━━━━━ Records for processing

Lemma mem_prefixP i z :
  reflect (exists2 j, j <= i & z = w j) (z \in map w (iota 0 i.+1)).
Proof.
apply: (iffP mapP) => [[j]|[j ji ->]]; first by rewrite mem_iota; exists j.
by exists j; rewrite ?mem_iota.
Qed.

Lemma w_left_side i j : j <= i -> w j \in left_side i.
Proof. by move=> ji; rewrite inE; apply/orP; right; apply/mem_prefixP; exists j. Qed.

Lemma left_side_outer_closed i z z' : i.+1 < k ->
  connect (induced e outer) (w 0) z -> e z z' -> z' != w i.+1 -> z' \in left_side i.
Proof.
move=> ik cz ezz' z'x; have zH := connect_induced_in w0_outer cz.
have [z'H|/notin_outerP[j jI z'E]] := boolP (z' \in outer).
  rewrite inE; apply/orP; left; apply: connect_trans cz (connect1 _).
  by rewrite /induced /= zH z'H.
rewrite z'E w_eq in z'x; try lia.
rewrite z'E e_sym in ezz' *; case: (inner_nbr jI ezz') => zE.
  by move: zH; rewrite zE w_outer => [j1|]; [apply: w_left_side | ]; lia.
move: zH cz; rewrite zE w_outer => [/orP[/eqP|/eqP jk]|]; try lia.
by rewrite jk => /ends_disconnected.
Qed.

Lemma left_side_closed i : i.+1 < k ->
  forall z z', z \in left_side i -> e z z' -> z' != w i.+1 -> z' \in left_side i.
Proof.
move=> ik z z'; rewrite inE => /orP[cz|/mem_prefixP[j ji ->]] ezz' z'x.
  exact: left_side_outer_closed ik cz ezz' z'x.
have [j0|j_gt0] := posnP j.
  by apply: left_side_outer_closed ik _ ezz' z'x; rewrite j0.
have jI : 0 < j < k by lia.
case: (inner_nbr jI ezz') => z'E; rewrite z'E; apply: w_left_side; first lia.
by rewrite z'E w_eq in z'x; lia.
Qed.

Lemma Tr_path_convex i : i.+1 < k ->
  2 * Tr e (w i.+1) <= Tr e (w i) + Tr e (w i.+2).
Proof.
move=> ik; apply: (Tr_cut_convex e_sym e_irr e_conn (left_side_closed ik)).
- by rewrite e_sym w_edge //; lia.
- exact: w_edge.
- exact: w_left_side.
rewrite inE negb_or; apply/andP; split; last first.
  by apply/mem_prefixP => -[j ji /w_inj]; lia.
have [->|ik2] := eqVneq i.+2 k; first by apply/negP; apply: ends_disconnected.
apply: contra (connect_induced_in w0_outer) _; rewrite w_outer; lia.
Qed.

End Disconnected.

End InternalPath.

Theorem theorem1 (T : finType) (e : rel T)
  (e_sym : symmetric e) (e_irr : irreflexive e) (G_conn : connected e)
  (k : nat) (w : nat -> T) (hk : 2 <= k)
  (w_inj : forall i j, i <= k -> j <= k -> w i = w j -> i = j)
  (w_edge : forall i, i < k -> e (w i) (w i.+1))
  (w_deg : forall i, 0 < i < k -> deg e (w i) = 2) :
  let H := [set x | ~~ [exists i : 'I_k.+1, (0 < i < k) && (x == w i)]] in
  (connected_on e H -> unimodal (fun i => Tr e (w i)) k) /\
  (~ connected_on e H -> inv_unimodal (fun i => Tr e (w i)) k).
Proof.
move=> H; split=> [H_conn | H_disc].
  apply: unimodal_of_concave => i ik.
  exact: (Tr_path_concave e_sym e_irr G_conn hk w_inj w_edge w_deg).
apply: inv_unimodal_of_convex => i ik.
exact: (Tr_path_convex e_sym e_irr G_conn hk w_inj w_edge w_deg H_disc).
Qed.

━━━━━━━━━━
━━━━━ Records for processing

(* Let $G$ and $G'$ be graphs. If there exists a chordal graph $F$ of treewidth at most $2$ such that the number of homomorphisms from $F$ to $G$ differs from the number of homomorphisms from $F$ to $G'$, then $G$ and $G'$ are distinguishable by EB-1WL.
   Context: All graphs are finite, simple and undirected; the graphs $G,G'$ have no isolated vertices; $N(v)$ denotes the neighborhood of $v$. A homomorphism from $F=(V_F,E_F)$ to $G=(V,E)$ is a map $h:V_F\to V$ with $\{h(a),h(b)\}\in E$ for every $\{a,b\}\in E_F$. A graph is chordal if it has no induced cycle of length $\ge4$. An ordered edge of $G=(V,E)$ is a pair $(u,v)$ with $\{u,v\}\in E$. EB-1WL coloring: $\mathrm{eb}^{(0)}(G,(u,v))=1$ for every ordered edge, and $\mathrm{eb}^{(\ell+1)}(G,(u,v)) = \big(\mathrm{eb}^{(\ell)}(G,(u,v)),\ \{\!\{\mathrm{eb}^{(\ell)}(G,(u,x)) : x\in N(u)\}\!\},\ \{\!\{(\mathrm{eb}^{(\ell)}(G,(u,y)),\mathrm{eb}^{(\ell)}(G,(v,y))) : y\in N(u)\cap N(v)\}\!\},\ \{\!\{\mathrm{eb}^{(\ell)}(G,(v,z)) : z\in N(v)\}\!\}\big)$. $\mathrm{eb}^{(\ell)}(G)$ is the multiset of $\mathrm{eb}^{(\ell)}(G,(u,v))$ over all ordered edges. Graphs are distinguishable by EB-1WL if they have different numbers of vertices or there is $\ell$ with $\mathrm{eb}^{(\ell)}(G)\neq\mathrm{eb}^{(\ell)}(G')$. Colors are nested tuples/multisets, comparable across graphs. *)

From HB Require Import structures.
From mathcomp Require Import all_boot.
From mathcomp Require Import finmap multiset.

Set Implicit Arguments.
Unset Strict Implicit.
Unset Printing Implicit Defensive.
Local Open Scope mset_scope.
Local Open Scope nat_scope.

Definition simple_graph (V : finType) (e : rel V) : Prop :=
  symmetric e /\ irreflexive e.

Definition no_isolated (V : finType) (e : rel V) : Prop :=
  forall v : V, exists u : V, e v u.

━━━━━━━━━━
━━━━━ Records for processing

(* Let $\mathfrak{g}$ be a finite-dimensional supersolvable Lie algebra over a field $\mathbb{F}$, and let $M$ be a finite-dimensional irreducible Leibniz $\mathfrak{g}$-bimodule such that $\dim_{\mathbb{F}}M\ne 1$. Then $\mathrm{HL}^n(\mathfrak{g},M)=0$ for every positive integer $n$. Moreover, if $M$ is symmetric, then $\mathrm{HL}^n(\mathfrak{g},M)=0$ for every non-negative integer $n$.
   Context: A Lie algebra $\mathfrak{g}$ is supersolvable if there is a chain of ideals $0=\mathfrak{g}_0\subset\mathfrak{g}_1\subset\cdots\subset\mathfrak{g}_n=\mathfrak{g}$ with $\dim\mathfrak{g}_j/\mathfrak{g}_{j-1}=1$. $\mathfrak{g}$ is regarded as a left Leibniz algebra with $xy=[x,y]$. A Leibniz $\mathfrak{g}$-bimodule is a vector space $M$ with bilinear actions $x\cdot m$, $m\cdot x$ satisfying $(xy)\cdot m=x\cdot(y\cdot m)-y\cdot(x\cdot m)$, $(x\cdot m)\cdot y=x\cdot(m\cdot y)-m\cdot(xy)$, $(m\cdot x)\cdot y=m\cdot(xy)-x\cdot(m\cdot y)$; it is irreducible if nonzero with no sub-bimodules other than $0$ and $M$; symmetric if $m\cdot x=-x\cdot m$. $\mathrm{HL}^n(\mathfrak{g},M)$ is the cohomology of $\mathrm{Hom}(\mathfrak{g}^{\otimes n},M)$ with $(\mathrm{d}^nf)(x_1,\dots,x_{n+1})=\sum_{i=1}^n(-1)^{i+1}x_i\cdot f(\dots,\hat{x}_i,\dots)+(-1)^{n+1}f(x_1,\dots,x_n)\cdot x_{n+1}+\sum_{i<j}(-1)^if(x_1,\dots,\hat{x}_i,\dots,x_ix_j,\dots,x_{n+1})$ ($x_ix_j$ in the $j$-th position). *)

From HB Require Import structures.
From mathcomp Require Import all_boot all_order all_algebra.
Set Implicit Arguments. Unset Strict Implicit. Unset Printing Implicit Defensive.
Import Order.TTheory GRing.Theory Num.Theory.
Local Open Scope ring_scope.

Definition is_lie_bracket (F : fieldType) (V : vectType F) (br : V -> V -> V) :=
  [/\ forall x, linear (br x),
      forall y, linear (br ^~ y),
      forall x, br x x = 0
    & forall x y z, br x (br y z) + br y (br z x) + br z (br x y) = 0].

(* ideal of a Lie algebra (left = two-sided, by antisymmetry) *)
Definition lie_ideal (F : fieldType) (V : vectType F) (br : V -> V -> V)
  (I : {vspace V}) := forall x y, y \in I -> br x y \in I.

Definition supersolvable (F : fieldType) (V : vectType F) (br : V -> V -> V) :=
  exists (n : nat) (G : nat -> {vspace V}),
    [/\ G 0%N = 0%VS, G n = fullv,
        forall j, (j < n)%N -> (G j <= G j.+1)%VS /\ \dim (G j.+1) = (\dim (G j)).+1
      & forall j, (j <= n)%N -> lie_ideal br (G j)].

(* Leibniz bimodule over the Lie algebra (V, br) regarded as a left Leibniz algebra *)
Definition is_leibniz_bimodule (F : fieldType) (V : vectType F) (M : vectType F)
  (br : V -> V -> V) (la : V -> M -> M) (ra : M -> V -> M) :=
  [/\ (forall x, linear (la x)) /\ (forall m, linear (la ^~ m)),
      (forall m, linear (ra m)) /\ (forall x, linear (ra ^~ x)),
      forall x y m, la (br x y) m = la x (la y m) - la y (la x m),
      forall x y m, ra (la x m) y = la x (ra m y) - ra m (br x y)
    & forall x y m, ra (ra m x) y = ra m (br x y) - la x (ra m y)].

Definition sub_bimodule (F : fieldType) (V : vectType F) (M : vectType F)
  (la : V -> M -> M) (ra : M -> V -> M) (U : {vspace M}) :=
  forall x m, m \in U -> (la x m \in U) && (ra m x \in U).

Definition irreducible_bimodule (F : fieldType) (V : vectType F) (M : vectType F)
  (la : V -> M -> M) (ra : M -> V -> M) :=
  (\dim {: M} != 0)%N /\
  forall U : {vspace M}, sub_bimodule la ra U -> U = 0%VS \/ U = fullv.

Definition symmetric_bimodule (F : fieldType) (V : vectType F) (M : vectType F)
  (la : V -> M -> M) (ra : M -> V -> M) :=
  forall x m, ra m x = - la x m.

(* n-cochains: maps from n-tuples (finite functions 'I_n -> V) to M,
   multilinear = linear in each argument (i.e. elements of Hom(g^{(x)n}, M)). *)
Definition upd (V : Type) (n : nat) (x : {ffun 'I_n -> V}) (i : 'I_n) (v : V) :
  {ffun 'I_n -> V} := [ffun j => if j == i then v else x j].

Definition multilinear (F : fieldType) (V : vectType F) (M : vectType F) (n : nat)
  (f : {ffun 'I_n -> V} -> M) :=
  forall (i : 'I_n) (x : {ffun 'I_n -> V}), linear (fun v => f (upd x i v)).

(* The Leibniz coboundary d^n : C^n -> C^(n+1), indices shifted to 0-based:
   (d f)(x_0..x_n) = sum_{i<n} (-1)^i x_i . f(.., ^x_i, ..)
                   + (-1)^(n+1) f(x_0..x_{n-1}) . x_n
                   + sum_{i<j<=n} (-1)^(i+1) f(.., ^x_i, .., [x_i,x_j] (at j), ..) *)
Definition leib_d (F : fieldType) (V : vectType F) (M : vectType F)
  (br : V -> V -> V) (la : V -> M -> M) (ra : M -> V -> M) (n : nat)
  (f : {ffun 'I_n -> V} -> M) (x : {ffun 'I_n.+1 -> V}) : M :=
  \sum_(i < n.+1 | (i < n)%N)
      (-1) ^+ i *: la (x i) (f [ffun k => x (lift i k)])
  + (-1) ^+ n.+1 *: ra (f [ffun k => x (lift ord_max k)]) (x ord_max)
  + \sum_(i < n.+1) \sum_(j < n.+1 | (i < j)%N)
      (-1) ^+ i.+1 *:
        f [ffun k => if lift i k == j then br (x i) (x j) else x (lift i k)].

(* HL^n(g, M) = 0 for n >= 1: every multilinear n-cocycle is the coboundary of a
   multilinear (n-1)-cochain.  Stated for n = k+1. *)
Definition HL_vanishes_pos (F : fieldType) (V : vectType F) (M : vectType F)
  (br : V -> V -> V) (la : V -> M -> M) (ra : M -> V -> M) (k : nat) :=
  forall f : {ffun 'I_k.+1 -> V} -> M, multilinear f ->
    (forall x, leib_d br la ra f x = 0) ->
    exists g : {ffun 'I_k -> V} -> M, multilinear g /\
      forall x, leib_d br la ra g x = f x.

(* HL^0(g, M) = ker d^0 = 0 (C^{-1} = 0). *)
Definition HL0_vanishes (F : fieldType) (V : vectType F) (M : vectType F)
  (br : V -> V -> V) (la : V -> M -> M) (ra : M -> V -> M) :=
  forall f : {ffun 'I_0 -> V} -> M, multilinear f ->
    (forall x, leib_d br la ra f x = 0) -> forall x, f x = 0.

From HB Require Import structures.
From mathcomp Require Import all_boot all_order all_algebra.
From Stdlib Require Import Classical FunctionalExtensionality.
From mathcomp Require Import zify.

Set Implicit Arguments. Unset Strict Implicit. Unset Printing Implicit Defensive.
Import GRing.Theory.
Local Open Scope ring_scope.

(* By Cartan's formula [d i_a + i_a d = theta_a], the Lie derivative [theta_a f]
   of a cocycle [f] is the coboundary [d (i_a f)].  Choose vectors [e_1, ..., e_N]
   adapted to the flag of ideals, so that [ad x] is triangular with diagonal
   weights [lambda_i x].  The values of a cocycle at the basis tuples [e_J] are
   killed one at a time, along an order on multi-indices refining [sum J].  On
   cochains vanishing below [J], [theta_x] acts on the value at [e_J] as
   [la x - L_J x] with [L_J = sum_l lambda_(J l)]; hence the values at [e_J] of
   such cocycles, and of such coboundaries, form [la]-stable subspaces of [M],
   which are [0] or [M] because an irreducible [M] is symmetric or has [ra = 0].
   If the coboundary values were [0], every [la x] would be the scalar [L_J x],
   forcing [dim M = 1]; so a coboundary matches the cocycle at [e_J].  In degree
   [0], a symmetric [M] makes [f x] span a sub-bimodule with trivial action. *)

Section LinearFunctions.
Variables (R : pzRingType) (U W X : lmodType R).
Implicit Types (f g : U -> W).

━━━━━━━━━━

**The problem:** Which lines above include "case"? Show each of them by copying it.

**Task result:**
rewrite z'E e_sym in ezz' *; case: (inner_nbr jI ezz') => zE.
case: (inner_nbr jI ezz') => z'E; rewrite z'E; apply: w_left_side; first lia.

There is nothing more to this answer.